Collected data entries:
(* (a) Let $\{U_\alpha\}$ ($U_\alpha=gE_\alpha g^{-1}$, $g\in G_{<0}$) be a solution of the $(\mathrm{sl}_n(\mathbb{C}),\mathfrak{t})$-hierarchy and set $A_{m\alpha}:=\pi_{\geqslant0}(U_\alpha z^m)-U_\alpha z^m$ for $m\ge0$. Then for all $m_1,m_2\ge0$ and all $\alpha_1,\alpha_2$: $$\partial_{m_1\alpha_1}(A_{m_2\alpha_2})-\partial_{m_2\alpha_2}(A_{m_1\alpha_1})-[A_{m_1\alpha_1},A_{m_2\alpha_2}]=0.$$ (b) Let $\{V_\beta\}$ ($V_\beta=KE_\beta zK^{-1}$, $K\in G_{\leqslant0}$) be a solution of the strict $(\mathrm{sl}_n(\mathbb{C}),\mathfrak{t})$-hierarchy and set $D_{m\beta}:=\pi_{>0}(V_\beta z^{m-1})-V_\beta z^{m-1}$ for $m\ge1$. Then for all $m_1,m_2\ge1$ and all $\beta_1,\beta_2$: $$\partial_{m_1\beta_1}(D_{m_2\beta_2})-\partial_{m_2\beta_2}(D_{m_1\beta_1})-[D_{m_1\beta_1},D_{m_2\beta_2}]=0.$$
   Context: $R$ is a commutative $\mathbb{C}$-algebra; $\mathrm{gl}_n(R)[z,z^{-1})$ is the algebra of formal series $\sum_{i=-\infty}^{N}X_iz^i$, $X_i\in\mathrm{gl}_n(R)$, bracket $[X,Y]=\sum[X_i,Y_j]z^{i+j}$; $\pi_{\geqslant0}$ (resp. $\pi_{>0}$) keeps the terms with $i\ge0$ (resp. $i\ge1$). $\mathfrak{t}\subset\mathrm{sl}_n(\mathbb{C})$ is commutative of maximal dimension $r$ with basis $E_1,\dots,E_r$. $G_{<0}=\{\mathrm{Id}+\sum_{i\ge1}Y_iz^{-i}\}$, $G_{\leqslant0}=\{\sum_{j\ge0}K_jz^{-j}\mid K_0\text{ invertible}\}$ (coefficients in $\mathrm{gl}_n(R)$). $R$ carries commuting $\mathbb{C}$-linear derivations $\partial_{m\alpha}$ ($m\ge0$ in (a), $m\ge1$ in (b), $1\le\alpha\le r$), acting coefficientwise. A solution of the $(\mathrm{sl}_n(\mathbb{C}),\mathfrak{t})$-hierarchy means $\partial_{m\alpha_1}(U_{\alpha_2})=[\pi_{\geqslant0}(U_{\alpha_1}z^m),U_{\alpha_2}]$ for all $m\ge0$, $\alpha_1,\alpha_2$; a solution of the strict hierarchy means $\partial_{m\beta_1}(V_{\beta_2})=[\pi_{>0}(V_{\beta_1}z^{m-1}),V_{\beta_2}]$ for all $m\ge1$, $\beta_1,\beta_2$. *)

From HB Require Import structures.
From mathcomp Require Import all_boot all_order all_algebra.
Set Implicit Arguments. Unset Strict Implicit. Unset Printing Implicit Defensive.
Import Order.TTheory GRing.Theory Num.Theory.
Local Open Scope ring_scope.

(* Formal series  sum_{i=-oo}^{N} X_i z^i  with coefficients in 'M[R]_n = gl_n(R). *)
Section LSeries.
Variables (R : comNzRingType) (n : nat).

• **WHAT IS REQUIRED**
From the line that contains "From mathcomp Require" through the last line of the records above, copy every line exactly and leave out the rest.

• **ANSWER TO THE EXERCISE**
From mathcomp Require Import all_boot all_order all_algebra.
Set Implicit Arguments. Unset Strict Implicit. Unset Printing Implicit Defensive.
Import Order.TTheory GRing.Theory Num.Theory.
Local Open Scope ring_scope.

(* Formal series  sum_{i=-oo}^{N} X_i z^i  with coefficients in 'M[R]_n = gl_n(R). *)
Section LSeries.
Variables (R : comNzRingType) (n : nat).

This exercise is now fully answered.